• **WHAT IS REQUIRED**
Comb through the entries for "only" and pull out each line that holds it.

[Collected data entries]

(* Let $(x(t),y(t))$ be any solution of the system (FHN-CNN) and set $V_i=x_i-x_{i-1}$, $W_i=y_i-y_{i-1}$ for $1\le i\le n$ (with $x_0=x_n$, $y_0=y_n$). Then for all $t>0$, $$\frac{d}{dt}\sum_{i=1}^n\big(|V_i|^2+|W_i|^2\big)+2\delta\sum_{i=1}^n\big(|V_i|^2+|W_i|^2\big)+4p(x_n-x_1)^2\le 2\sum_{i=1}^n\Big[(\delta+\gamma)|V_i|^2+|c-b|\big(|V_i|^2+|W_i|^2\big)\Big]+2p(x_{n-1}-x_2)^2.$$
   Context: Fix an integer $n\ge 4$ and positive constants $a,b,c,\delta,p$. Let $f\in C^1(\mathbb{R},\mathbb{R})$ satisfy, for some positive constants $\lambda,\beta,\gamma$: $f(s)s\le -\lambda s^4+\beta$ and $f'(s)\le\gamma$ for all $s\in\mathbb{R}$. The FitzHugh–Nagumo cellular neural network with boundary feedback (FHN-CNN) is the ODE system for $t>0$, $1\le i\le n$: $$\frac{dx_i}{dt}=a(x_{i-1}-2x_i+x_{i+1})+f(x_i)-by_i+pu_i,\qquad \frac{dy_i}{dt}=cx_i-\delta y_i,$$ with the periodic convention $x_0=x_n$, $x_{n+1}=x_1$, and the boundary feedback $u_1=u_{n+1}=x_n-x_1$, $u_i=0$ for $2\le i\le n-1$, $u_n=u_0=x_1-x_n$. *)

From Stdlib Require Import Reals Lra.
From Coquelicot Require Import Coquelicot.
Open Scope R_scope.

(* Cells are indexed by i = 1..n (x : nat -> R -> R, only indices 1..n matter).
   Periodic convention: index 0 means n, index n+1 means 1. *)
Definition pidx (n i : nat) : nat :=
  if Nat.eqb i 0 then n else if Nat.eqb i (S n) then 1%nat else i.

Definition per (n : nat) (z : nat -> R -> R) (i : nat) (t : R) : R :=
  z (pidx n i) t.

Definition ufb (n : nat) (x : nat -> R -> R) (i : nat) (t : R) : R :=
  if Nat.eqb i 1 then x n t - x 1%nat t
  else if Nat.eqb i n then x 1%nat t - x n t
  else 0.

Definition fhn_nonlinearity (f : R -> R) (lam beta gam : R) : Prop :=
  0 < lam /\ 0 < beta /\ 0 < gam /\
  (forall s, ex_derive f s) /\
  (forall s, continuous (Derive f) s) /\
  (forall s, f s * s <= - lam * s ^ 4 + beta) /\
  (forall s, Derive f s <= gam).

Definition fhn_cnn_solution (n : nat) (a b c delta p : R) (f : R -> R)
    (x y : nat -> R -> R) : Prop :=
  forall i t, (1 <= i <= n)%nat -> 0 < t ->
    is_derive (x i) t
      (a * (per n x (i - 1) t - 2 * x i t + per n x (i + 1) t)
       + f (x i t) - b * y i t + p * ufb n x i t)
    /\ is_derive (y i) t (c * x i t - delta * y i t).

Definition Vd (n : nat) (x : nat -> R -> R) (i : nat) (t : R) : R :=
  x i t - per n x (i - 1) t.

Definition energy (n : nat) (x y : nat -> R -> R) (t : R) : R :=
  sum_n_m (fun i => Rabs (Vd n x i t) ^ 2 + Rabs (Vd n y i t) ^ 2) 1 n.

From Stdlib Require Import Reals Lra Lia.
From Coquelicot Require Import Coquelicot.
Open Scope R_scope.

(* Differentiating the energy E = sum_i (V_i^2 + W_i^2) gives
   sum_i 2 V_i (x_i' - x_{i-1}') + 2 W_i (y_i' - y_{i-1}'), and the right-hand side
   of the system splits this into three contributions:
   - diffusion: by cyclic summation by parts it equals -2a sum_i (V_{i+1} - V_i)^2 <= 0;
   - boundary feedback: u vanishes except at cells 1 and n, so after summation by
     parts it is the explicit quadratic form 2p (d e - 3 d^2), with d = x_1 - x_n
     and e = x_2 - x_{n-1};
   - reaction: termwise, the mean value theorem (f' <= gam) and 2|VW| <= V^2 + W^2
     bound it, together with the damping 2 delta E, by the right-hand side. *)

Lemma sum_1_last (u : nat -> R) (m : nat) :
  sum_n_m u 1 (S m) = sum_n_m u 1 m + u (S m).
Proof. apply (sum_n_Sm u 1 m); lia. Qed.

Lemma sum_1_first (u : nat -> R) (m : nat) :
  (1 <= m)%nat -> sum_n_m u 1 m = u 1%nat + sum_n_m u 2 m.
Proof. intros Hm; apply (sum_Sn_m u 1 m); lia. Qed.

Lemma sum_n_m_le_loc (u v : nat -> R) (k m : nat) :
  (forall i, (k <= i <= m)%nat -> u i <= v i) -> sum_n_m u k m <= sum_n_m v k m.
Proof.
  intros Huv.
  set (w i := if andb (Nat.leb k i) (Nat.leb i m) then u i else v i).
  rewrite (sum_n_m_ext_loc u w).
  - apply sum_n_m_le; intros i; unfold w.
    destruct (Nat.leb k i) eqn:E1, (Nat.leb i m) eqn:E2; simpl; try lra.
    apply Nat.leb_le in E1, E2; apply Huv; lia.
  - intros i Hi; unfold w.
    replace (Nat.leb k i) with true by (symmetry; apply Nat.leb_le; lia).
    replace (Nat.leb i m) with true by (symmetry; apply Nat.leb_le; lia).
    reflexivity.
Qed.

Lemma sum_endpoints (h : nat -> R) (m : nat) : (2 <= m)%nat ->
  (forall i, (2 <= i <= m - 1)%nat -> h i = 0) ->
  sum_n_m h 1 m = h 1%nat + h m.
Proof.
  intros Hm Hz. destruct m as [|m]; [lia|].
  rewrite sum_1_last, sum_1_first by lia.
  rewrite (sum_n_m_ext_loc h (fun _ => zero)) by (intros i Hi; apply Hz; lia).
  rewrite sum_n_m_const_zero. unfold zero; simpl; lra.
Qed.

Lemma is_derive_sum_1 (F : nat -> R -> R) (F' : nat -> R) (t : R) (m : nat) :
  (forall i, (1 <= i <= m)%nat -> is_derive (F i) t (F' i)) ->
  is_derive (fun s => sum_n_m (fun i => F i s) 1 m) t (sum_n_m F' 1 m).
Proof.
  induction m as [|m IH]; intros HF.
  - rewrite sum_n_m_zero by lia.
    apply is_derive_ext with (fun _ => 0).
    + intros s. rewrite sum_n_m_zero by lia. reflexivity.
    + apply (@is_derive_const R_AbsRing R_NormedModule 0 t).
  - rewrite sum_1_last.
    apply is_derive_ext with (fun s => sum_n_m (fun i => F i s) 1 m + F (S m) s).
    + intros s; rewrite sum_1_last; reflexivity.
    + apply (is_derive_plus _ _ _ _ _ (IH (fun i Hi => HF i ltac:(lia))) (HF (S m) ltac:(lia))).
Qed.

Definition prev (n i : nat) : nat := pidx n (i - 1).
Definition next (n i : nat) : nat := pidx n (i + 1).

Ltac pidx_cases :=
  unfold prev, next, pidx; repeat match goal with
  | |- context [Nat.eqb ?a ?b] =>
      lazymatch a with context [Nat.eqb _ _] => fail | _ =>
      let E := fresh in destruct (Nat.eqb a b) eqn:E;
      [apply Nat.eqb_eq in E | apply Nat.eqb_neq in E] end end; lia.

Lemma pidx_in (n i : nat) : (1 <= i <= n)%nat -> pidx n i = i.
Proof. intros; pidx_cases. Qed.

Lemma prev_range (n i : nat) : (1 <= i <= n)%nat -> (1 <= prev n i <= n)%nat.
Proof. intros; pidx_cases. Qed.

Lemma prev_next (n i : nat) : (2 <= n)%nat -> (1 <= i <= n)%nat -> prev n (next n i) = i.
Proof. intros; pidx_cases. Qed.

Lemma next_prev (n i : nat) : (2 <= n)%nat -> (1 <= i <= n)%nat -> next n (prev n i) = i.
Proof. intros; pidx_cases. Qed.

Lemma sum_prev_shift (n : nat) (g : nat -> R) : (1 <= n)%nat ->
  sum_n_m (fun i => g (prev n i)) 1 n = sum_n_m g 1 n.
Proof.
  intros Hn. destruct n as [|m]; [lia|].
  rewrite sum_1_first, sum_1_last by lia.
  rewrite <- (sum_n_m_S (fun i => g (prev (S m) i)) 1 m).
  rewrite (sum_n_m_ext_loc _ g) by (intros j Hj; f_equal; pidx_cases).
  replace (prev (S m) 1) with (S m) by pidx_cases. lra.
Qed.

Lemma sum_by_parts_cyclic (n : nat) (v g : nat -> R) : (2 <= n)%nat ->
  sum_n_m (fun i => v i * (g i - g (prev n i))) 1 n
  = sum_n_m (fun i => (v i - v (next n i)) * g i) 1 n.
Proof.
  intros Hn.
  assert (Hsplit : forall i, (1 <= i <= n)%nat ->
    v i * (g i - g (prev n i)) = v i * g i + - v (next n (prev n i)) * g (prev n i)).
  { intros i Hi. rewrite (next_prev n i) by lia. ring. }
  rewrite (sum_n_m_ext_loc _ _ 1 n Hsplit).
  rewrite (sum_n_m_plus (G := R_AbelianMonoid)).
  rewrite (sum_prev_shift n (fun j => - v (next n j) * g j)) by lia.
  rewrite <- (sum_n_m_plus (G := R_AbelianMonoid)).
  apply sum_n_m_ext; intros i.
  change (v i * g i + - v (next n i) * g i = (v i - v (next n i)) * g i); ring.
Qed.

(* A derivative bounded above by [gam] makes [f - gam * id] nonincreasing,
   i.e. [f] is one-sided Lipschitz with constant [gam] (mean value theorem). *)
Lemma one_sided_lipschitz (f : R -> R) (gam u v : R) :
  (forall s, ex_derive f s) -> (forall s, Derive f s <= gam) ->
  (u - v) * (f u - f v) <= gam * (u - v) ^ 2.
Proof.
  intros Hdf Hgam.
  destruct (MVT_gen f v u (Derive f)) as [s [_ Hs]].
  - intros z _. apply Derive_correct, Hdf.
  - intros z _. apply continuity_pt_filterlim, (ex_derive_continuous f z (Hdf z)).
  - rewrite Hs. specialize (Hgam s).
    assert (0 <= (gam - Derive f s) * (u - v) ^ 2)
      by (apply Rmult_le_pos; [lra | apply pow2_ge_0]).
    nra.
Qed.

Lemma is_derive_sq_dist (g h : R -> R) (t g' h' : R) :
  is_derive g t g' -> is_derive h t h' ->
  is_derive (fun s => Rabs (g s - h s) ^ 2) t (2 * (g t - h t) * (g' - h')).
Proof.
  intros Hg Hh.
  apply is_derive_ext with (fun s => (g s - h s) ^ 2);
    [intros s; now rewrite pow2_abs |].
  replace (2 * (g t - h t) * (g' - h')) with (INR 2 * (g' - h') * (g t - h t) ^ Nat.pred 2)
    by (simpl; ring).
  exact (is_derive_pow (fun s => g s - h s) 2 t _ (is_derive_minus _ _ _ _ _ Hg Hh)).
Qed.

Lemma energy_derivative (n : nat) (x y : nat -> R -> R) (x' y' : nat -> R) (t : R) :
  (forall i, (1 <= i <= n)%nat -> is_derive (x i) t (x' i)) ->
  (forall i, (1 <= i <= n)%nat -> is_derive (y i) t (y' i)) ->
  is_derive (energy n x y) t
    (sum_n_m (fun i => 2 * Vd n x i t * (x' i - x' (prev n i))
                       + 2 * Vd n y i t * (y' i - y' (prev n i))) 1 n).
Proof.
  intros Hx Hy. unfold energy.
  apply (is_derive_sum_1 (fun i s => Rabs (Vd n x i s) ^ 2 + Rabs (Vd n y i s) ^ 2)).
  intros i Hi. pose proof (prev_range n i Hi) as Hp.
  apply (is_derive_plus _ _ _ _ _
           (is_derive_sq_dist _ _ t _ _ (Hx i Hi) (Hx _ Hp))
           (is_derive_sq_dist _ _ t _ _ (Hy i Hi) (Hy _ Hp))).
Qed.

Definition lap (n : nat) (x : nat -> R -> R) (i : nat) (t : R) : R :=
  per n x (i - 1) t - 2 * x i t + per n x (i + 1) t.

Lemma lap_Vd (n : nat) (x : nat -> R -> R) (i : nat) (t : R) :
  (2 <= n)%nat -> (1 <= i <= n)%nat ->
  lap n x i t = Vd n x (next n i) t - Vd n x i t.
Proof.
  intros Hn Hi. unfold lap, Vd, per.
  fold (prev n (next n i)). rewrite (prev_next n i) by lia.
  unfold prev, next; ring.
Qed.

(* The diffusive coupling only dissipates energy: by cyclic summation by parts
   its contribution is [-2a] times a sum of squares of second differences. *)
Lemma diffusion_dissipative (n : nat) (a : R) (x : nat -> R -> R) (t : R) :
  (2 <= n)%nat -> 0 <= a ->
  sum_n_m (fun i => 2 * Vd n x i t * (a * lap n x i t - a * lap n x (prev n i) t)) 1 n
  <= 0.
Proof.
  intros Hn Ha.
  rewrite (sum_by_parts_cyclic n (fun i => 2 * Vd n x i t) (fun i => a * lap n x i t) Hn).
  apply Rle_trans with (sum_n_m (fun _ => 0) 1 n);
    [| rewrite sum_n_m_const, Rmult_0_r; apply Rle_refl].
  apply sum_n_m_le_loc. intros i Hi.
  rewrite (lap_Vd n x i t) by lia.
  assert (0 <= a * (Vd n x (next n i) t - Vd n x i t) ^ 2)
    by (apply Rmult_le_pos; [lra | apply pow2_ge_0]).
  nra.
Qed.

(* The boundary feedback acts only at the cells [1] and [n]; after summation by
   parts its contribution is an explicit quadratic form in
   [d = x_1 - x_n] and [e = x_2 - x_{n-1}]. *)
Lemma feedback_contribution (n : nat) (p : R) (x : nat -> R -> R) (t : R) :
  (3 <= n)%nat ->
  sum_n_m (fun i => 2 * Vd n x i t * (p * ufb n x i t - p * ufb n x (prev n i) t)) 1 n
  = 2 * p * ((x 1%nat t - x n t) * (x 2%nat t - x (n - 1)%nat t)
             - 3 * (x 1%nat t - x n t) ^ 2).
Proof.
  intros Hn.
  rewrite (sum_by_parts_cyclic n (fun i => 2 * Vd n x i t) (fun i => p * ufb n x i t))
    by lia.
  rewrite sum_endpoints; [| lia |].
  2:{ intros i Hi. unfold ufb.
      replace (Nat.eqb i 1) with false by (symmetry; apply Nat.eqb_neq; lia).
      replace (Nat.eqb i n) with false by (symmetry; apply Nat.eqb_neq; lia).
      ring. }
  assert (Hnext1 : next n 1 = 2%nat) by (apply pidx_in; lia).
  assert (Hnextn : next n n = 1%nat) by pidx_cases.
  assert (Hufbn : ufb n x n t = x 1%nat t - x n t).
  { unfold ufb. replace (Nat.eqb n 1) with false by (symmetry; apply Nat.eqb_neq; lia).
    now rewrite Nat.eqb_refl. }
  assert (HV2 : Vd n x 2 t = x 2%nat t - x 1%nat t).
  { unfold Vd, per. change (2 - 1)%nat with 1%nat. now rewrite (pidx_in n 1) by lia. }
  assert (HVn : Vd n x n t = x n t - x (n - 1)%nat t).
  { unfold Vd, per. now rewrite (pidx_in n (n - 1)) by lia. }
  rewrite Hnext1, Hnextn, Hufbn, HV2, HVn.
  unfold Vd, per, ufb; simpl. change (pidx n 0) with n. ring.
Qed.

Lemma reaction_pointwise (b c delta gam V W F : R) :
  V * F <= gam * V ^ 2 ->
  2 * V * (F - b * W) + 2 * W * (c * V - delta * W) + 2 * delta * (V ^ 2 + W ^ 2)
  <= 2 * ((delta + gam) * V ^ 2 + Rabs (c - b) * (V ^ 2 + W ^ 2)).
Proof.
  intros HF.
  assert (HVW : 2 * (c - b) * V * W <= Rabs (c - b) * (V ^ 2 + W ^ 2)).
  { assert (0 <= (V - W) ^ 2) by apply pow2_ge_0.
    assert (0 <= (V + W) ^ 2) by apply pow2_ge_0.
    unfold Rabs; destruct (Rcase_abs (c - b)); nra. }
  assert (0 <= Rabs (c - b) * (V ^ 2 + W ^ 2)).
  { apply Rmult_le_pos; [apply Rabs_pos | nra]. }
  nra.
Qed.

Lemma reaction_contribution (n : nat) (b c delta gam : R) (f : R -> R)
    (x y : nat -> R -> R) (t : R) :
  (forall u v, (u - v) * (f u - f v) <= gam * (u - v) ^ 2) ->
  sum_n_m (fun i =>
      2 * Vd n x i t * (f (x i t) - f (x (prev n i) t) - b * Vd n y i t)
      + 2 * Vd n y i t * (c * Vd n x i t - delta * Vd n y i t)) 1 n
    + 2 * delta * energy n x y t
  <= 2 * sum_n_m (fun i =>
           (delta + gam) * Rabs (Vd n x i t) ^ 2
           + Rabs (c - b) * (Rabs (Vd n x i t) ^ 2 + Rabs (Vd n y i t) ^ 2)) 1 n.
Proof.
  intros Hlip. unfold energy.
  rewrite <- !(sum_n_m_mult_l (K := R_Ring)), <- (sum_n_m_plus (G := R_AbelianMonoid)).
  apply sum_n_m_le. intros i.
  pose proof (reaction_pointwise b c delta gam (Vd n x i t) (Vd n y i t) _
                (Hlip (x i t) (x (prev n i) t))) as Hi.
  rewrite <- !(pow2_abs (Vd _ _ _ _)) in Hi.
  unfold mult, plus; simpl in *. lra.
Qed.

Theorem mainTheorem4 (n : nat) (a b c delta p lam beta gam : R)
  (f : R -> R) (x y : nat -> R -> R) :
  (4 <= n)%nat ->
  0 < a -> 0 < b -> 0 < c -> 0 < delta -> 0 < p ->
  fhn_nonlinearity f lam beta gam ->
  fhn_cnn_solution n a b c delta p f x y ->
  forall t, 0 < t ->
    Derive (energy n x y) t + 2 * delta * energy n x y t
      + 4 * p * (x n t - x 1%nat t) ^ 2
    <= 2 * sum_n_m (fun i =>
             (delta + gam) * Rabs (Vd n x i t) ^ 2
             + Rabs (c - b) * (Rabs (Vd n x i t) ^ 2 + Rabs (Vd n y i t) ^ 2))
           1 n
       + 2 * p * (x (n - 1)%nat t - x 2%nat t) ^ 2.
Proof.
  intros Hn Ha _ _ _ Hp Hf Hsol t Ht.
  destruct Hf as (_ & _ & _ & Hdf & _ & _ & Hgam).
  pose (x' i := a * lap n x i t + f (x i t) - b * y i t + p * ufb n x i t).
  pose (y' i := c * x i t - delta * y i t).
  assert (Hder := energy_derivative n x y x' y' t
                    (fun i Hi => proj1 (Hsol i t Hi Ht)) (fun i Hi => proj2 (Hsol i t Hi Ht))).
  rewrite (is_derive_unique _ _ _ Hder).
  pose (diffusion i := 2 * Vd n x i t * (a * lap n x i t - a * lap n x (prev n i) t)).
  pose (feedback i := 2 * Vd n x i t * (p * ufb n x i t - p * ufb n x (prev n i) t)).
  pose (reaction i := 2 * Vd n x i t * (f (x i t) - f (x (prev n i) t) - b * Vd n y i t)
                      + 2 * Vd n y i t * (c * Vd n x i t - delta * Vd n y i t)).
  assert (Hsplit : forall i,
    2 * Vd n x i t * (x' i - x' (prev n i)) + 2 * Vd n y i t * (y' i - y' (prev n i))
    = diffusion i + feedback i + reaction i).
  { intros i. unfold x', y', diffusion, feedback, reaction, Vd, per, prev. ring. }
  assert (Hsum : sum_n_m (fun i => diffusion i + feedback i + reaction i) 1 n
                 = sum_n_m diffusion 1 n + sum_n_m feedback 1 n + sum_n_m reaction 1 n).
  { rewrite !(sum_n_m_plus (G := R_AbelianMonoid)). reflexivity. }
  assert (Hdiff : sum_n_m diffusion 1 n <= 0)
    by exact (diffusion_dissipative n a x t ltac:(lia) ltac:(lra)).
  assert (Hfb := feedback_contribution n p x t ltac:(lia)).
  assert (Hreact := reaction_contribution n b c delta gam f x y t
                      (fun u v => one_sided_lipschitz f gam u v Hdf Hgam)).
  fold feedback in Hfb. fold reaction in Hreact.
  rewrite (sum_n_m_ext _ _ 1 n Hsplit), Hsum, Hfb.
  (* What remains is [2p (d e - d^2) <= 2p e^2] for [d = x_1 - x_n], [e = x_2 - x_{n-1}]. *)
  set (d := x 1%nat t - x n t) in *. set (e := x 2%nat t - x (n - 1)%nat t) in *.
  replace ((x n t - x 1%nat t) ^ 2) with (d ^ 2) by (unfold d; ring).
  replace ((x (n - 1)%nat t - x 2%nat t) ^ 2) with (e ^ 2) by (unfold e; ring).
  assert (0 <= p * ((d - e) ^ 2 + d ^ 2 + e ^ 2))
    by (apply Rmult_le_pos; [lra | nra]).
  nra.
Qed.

• **REPLY**
(* Cells are indexed by i = 1..n (x : nat -> R -> R, only indices 1..n matter).
(* The diffusive coupling only dissipates energy: by cyclic summation by parts
(* The boundary feedback acts only at the cells [1] and [n]; after summation by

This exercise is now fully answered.